◆ **Problem**: Your reply should be one number, which is how many lines in the listing below contain "CCond".

Start of Source material

Fixpoint cexp_funs (e : cexp) : list string :=
  match e with
  | CNum _ | CNull | CVar _ | CMalloc _ => [::]
  | CApp f args =>
      f :: (fix go (l : list (formula * cexp)) : list string :=
         match l with [::] => [::] | (_, e') :: l' => cexp_funs e' ++ go l' end) args
  | CMember e0 _ => cexp_funs e0
  | CAssign e0 _ e1 => cexp_funs e0 ++ cexp_funs e1
  | CCond e0 e1 e2 => cexp_funs e0 ++ cexp_funs e1 ++ cexp_funs e2
  | CSeq es =>
      (fix go (l : list (formula * cexp)) : list string :=
         match l with [::] => [::] | (_, e') :: l' => cexp_funs e' ++ go l' end) es
  | CUop _ e0 => cexp_funs e0
  | CBop _ e1 e2 => cexp_funs e1 ++ cexp_funs e2
  | CMfree e0 => cexp_funs e0
  end.

Definition prog_struct_occs (Prg : cprog) : list string :=
  flatten (map (fun sd => csd_name sd ::
                 flatten (map (fun d => typ_structs d.2.1) (csd_members sd)))
               (cp_structs Prg)) ++
  flatten (map (fun fd => typ_structs (cfd_ret fd) ++
                 flatten (map (fun d => typ_structs d.2.1) (cfd_params fd)) ++
                 cexp_structs (cfd_body fd))
               (cp_funs Prg)).

Definition prog_fun_occs (Prg : cprog) : list string :=
  flatten (map (fun fd => cexp_funs (cfd_body fd)) (cp_funs Prg)).

Definition sane (Prg : cprog) : Prop :=
  (forall s, List.In s (prog_struct_occs Prg) ->
     exists sd, cfind_struct (cp_structs Prg) s = Some sd) /\
  (forall f, List.In f (prog_fun_occs Prg) ->
     exists fd, cfind_fun (cp_funs Prg) f = Some fd) /\
  (exists fd, cfind_fun (cp_funs Prg) "main"%string = Some fd /\
              cfd_ret fd = Tint /\ cfd_params fd = [::]).

Definition cdef (Prg : cprog) (s : string) : Prop :=
  exists sd, cfind_struct (cp_structs Prg) s = Some sd.

Definition at_typ (Prg : cprog) (T : typ) : formula :=
  match T with
  | Tstruct s => match cfind_struct (cp_structs Prg) s with
                 | Some sd => csd_ann sd | None => FFalse end
  | _ => FTrue
  end.

Definition cenv := list (string * typ * formula).

(* neverLast(i, (e_1..e_n)), with 0-based index i *)
Definition never_last (i : nat) (es : list (formula * cexp)) : formula :=
  let anns := map fst es in
  FOr (FNot (nth FTrue anns i)) (fors (drop i.+1 anns)).

(* Family-based typing derivations (proof-relevant, so that one can speak
   of the judgments occurring in a derivation). *)
Section FT.
Variable Prg : cprog.
Variable Delta : cenv.

Inductive ft : formula -> cexp -> typ -> Type :=
| FT_int th n : ft th (CNum n) Tint
| FT_null th : ft th CNull Tvoid
| FT_par th x T psi :
    List.In (x, T, psi) Delta -> entails th psi -> ft th (CVar x) T
| FT_app th f args fd :
    cfind_fun (cp_funs Prg) f = Some fd ->
    entails th (cfd_ann fd) ->
    ft_args th args (cfd_params fd) ->
    ft th (CApp f args) (cfd_ret fd)
| FT_member th e0 s m T sd a :
    ft th e0 (Tstruct s) ->
    cfind_struct (cp_structs Prg) s = Some sd ->
    cfind_member (csd_members sd) m = Some (a, T) ->
    entails th a ->
    ft th (CMember e0 m) T
| FT_assign th e0 s m e1 T T1 sd a :
    ft th e0 (Tstruct s) ->
    cfind_struct (cp_structs Prg) s = Some sd ->
    cfind_member (csd_members sd) m = Some (a, T) ->
    entails th a ->
    ft th e1 T1 ->
    subty (cdef Prg) T1 T ->
    ft th (CAssign e0 m e1) T
| FT_cond th e0 e1 e2 T0 T1 T2 T3 :
    ft th e0 T0 -> ft th e1 T1 -> ft th e2 T2 ->
    tmax (cdef Prg) T1 T2 T3 ->
    ft th (CCond e0 e1 e2) T3
| FT_seq th es Ts T :
    entails th (fors (map fst es)) ->
    ft_seq th es (rcons Ts T) ->
    (forall i, (i < size es)%N -> nth Tint (rcons Ts T) i <> T ->
               entails th (never_last i es)) ->
    ft th (CSeq es) T
| FT_uop th u e0 T0 :
    ft th e0 T0 -> uop_ty u T0 -> ft th (CUop u e0) Tint
| FT_bop th b e1 e2 T1 T2 T3 :
    ft th e1 T1 -> ft th e2 T2 ->
    tmax (cdef Prg) T1 T2 T3 -> bop_ty b T3 ->
    ft th (CBop b e1 e2) Tint
| FT_malloc th s sd :
    cfind_struct (cp_structs Prg) s = Some sd ->
    entails th (csd_ann sd) ->
    ft th (CMalloc s) (Tstruct s)
| FT_mfree th e0 s :
    ft th e0 (Tstruct s) -> ft th (CMfree e0) Tvoid
with ft_args : formula -> list (formula * cexp) ->
               list (formula * (typ * string)) -> Type :=
| FA_nil th : ft_args th [::] [::]
| FA_cons th a e args pa T x ps T' :
    ft th e T' -> subty (cdef Prg) T' T -> entails th (fiff a pa) ->
    ft_args th args ps ->
    ft_args th ((a, e) :: args) ((pa, (T, x)) :: ps)
with ft_seq : formula -> list (formula * cexp) -> list typ -> Type :=
| FS_nil th : ft_seq th [::] [::]
| FS_cons th a e es T Ts :
    ft (FAnd th a) e T -> ft_seq th es Ts ->
    ft_seq th ((a, e) :: es) (T :: Ts).

Fixpoint occ th e T (d : ft th e T) (J : formula * cexp * typ) {struct d} : Prop :=
  J = (th, e, T) \/
  match d with
  | FT_int _ _ => False
  | FT_null _ => False
  | FT_par _ _ _ _ _ _ => False
  | FT_app _ _ _ _ _ _ da => occ_args da J
  | FT_member _ _ _ _ _ _ _ d0 _ _ _ => occ d0 J
  | FT_assign _ _ _ _ _ _ _ _ _ d0 _ _ _ d1 _ => occ d0 J \/ occ d1 J
  | FT_cond _ _ _ _ _ _ _ _ d0 d1 d2 _ => occ d0 J \/ occ d1 J \/ occ d2 J
  | FT_seq _ _ _ _ _ ds _ => occ_seq ds J
  | FT_uop _ _ _ _ d0 _ => occ d0 J
  | FT_bop _ _ _ _ _ _ _ d1 d2 _ _ => occ d1 J \/ occ d2 J
  | FT_malloc _ _ _ _ _ => False
  | FT_mfree _ _ _ d0 => occ d0 J
  end
with occ_args th args ps (d : ft_args th args ps) (J : formula * cexp * typ)
  {struct d} : Prop :=
  match d with
  | FA_nil _ => False
  | FA_cons _ _ _ _ _ _ _ _ _ d1 _ _ dr => occ d1 J \/ occ_args dr J
  end
with occ_seq th es Ts (d : ft_seq th es Ts) (J : formula * cexp * typ)
  {struct d} : Prop :=
  match d with
  | FS_nil _ => False
  | FS_cons _ _ _ _ _ _ d1 dr => occ d1 J \/ occ_seq dr J
  end.

End FT.

Definition delta_of (fd : cfdef) : cenv :=
  map (fun d => (d.2.2, d.2.1, d.1)) (cfd_params fd).

Inductive ft_fun (Prg : cprog) (th : formula) (fd : cfdef) : Type :=
| FTFun :
    entails th (at_typ Prg (cfd_ret fd)) ->
    (forall a T x, List.In (a, (T, x)) (cfd_params fd) ->
       entails th (fimp a (at_typ Prg T))) ->
    forall T', ft Prg (delta_of fd) th (cfd_body fd) T' ->
    subty (cdef Prg) T' (cfd_ret fd) ->
    ft_fun Prg th fd.

Definition struct_ok (Prg : cprog) (th : formula) (sd : csdef) : Prop :=
  forall a T m, List.In (a, (T, m)) (csd_members sd) ->
    entails th (fimp a (at_typ Prg T)).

End of Source material

◆ **Task result**: 2